- Opening Delimiter -

(* Let $A\in\mathbb{R}^{m\times n}$ be semi-monotone, let $A=P_1-R_1+S_1$ be a double proper weak regular splitting and $A=P_2-R_2+S_2$ a double proper regular splitting of $A$. Suppose $N(S_2)\supseteq N(P_2)$, $R(S_2)\subseteq R(P_2)$, $1\notin\sigma(S_2P_1^{\dagger})$ and $\widehat{A}^{\dagger}\geq 0$, where $\widehat{A}=(I-S_2P_1^{\dagger})A$. If $P_1^{\dagger}R_1\geq P_2^{\dagger}R_2$ and $P_2^{\dagger}S_2\geq P_1^{\dagger}S_1$, then $\rho(W_{12})\leq\rho(T_1)<1$, where $$W_{12}=\begin{pmatrix} P_2^{\dagger}R_2-P_2^{\dagger}S_2P_1^{\dagger}R_1 & P_2^{\dagger}S_2P_1^{\dagger}S_1\\ I & 0\end{pmatrix},\qquad T_1=\begin{pmatrix} P_1^{\dagger}R_1 & -P_1^{\dagger}S_1\\ I&0\end{pmatrix}.$$
   Context: For $M\in\mathbb{R}^{m\times n}$, $M^{\dagger}$ is its Moore–Penrose inverse, $R(M)$, $N(M)$ its range and null space; inequalities are entrywise; $\rho$ is the spectral radius, $\sigma$ the spectrum. $A$ is semi-monotone if $A^{\dagger}\geq 0$. A double splitting $A=P-R+S$ is a double proper splitting if $R(P)=R(A)$ and $N(P)=N(A)$; it is double proper regular if moreover $P^{\dagger}\geq0$, $R\geq0$, $S\leq0$; double proper weak regular if moreover $P^{\dagger}\geq 0$, $P^{\dagger}R\geq 0$, $P^{\dagger}S\leq 0$. *)

From HB Require Import structures.
From mathcomp Require Import all_boot all_order all_algebra.
From mathcomp Require Import complex.
Set Implicit Arguments. Unset Strict Implicit. Unset Printing Implicit Defensive.
Import Order.TTheory GRing.Theory Num.Theory.
Local Open Scope ring_scope.

(* Real matrices are modelled over an arbitrary real closed field R
   (this includes the real numbers); complex eigenvalues live in R[i]. *)

(* X is the Moore-Penrose inverse of A (the four Penrose equations;
   over the reals the conjugate transpose is the transpose). *)
Definition is_MP_inverse (R : rcfType) (m n : nat)
  (A : 'M[R]_(m, n)) (X : 'M[R]_(n, m)) : Prop :=
  [/\ A *m X *m A = A, X *m A *m X = X,
      (A *m X)^T = A *m X & (X *m A)^T = X *m A].

Definition mx_ge0 (R : rcfType) (m n : nat) (A : 'M[R]_(m, n)) : Prop :=
  forall i j, 0 <= A i j.
Definition mx_le0 (R : rcfType) (m n : nat) (A : 'M[R]_(m, n)) : Prop :=
  forall i j, A i j <= 0.
Definition mx_le (R : rcfType) (m n : nat) (A B : 'M[R]_(m, n)) : Prop :=
  forall i j, A i j <= B i j.

Definition in_range (R : rcfType) (m n : nat) (M : 'M[R]_(m, n)) (y : 'cV[R]_m) : Prop :=
  exists x : 'cV[R]_n, y = M *m x.
Definition in_null (R : rcfType) (m n : nat) (M : 'M[R]_(m, n)) (x : 'cV[R]_n) : Prop :=
  M *m x = 0.

Definition same_range (R : rcfType) (m n : nat) (M N : 'M[R]_(m, n)) : Prop :=
  forall y, in_range M y <-> in_range N y.
Definition same_null (R : rcfType) (m n : nat) (M N : 'M[R]_(m, n)) : Prop :=
  forall x, in_null M x <-> in_null N x.

Definition double_proper_splitting (R : rcfType) (m n : nat)
  (A P Rm S : 'M[R]_(m, n)) : Prop :=
  [/\ A = P - Rm + S, same_range P A & same_null P A].

Definition double_proper_regular (R : rcfType) (m n : nat)
  (A P Rm S : 'M[R]_(m, n)) (Pd : 'M[R]_(n, m)) : Prop :=
  [/\ double_proper_splitting A P Rm S, is_MP_inverse P Pd,
      mx_ge0 Pd, mx_ge0 Rm & mx_le0 S].

Definition double_proper_weak_regular (R : rcfType) (m n : nat)
  (A P Rm S : 'M[R]_(m, n)) (Pd : 'M[R]_(n, m)) : Prop :=
  [/\ double_proper_splitting A P Rm S, is_MP_inverse P Pd,
      mx_ge0 Pd, mx_ge0 (Pd *m Rm) & mx_le0 (Pd *m S)].

Definition spectrum (R : rcfType) (n : nat) (A : 'M[R]_n) : seq R[i] :=
  sval (closed_field_poly_normal (char_poly (map_mx (real_complex R) A))).

(* spectral radius: max |lambda| over the spectrum (0 for the empty matrix) *)
Definition spectral_radius (R : rcfType) (n : nat) (A : 'M[R]_n) : R :=
  \big[Num.max/0]_(z <- spectrum A) Normc.normc z.

From HB Require Import structures.
From mathcomp Require Import all_boot all_order all_algebra.
From mathcomp Require Import complex polyrcf.
From mathcomp Require Import ring lra.
Set Implicit Arguments. Unset Strict Implicit. Unset Printing Implicit Defensive.
Import Order.TTheory GRing.Theory Num.Theory.
Local Open Scope ring_scope.

(* For a nonnegative square matrix B and s > 0, either s%:M - B is monotone on
   row vectors (x (sI - B) >= 0 forces x >= 0), which happens exactly when
   s > rho(B), or some nonzero y >= 0 satisfies s y <= y B; both facts follow
   by induction on the size of B through a Schur complement.
   With X_i = P_i^+ R_i and Y_i = - P_i^+ S_i, T1 and W12 are the companion
   matrices of (X1, Y1) and (X2 + Y2 X1, Y2 Y1).  A vector y >= 0 with
   y <= y T1 would give y1 <= y1 P1^+ (P1 - A), which the identity
   (I - P1^+ (P1 - A)) A^+ = P1^+ and A^+ >= 0 rule out; so rho(T1) < 1.
   For 0 < s <= 1, X2 <= X1 and Y2 <= Y1 turn a vector certifying
   s <= rho(W12) into one certifying s <= rho(T1); taking
   s = min(rho(W12), 1) gives rho(W12) <= rho(T1). *)

Section NonnegativeMatrices.
Variable R : rcfType.

Lemma mx_ge0_mul m n p (A : 'M[R]_(m, n)) (B : 'M[R]_(n, p)) :
  mx_ge0 A -> mx_ge0 B -> mx_ge0 (A *m B).
Proof. by move=> hA hB i j; rewrite mxE; apply: sumr_ge0 => k _; apply: mulr_ge0. Qed.

Lemma mx_ge0_add m n (A B : 'M[R]_(m, n)) : mx_ge0 A -> mx_ge0 B -> mx_ge0 (A + B).
Proof. by move=> hA hB i j; rewrite mxE; apply: addr_ge0. Qed.

Lemma mx_ge0_scale m n a (A : 'M[R]_(m, n)) : 0 <= a -> mx_ge0 A -> mx_ge0 (a *: A).
Proof. by move=> ha hA i j; rewrite mxE; apply: mulr_ge0. Qed.

Lemma mx_ge00 m n : mx_ge0 (0 : 'M[R]_(m, n)).
Proof. by move=> i j; rewrite mxE. Qed.

Lemma mx_ge01 n : mx_ge0 (1%:M : 'M[R]_n).
Proof. by move=> i j; rewrite mxE; case: (i == j). Qed.

Lemma mx_ge0_opp m n (A : 'M[R]_(m, n)) : mx_le0 A -> mx_ge0 (- A).
Proof. by move=> h i j; rewrite mxE oppr_ge0. Qed.

Lemma mx_leE m n (A B : 'M[R]_(m, n)) : mx_le A B <-> mx_ge0 (B - A).
Proof. by split=> h i j; [rewrite !mxE subr_ge0 | have := h i j; rewrite !mxE subr_ge0]. Qed.

Lemma mx_ge0_anti m n (A : 'M[R]_(m, n)) : mx_ge0 A -> mx_ge0 (- A) -> A = 0.
Proof.
move=> h1 h2; apply/matrixP => i j; have := h2 i j; rewrite !mxE oppr_ge0 => h.
by apply/eqP; rewrite eq_le h h1.
Qed.

Lemma mx_ge0_row m n1 n2 (A : 'M[R]_(m, n1)) (B : 'M[R]_(m, n2)) :
  mx_ge0 (row_mx A B) <-> mx_ge0 A /\ mx_ge0 B.
Proof.
split=> [h | [hA hB] i j].
  by split=> i j; [rewrite -(row_mxEl A B) | rewrite -(row_mxEr A B)].
by case: (split_ordP j) => k ->; [rewrite row_mxEl | rewrite row_mxEr].
Qed.

Lemma mx_le_row m n1 n2 (A A' : 'M[R]_(m, n1)) (B B' : 'M[R]_(m, n2)) :
  mx_le (row_mx A B) (row_mx A' B') <-> mx_le A A' /\ mx_le B B'.
Proof. by rewrite !mx_leE opp_row_mx add_row_mx; exact: mx_ge0_row. Qed.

- Closing Delimiter -

EXERCISE BRIEF » Could you restate, word for word, the lines above from the one with "s <= rho(W12)" to the one with "Lemma mx_ge01 n : mx_ge0 (1%:M : 'M[R]_n).", both included?

WRITTEN SOLUTION »
   s <= rho(W12) into one certifying s <= rho(T1); taking
   s = min(rho(W12), 1) gives rho(W12) <= rho(T1). *)

Section NonnegativeMatrices.
Variable R : rcfType.

Lemma mx_ge0_mul m n p (A : 'M[R]_(m, n)) (B : 'M[R]_(n, p)) :
  mx_ge0 A -> mx_ge0 B -> mx_ge0 (A *m B).
Proof. by move=> hA hB i j; rewrite mxE; apply: sumr_ge0 => k _; apply: mulr_ge0. Qed.

Lemma mx_ge0_add m n (A B : 'M[R]_(m, n)) : mx_ge0 A -> mx_ge0 B -> mx_ge0 (A + B).
Proof. by move=> hA hB i j; rewrite mxE; apply: addr_ge0. Qed.

Lemma mx_ge0_scale m n a (A : 'M[R]_(m, n)) : 0 <= a -> mx_ge0 A -> mx_ge0 (a *: A).
Proof. by move=> ha hA i j; rewrite mxE; apply: mulr_ge0. Qed.

Lemma mx_ge00 m n : mx_ge0 (0 : 'M[R]_(m, n)).
Proof. by move=> i j; rewrite mxE. Qed.

Lemma mx_ge01 n : mx_ge0 (1%:M : 'M[R]_n).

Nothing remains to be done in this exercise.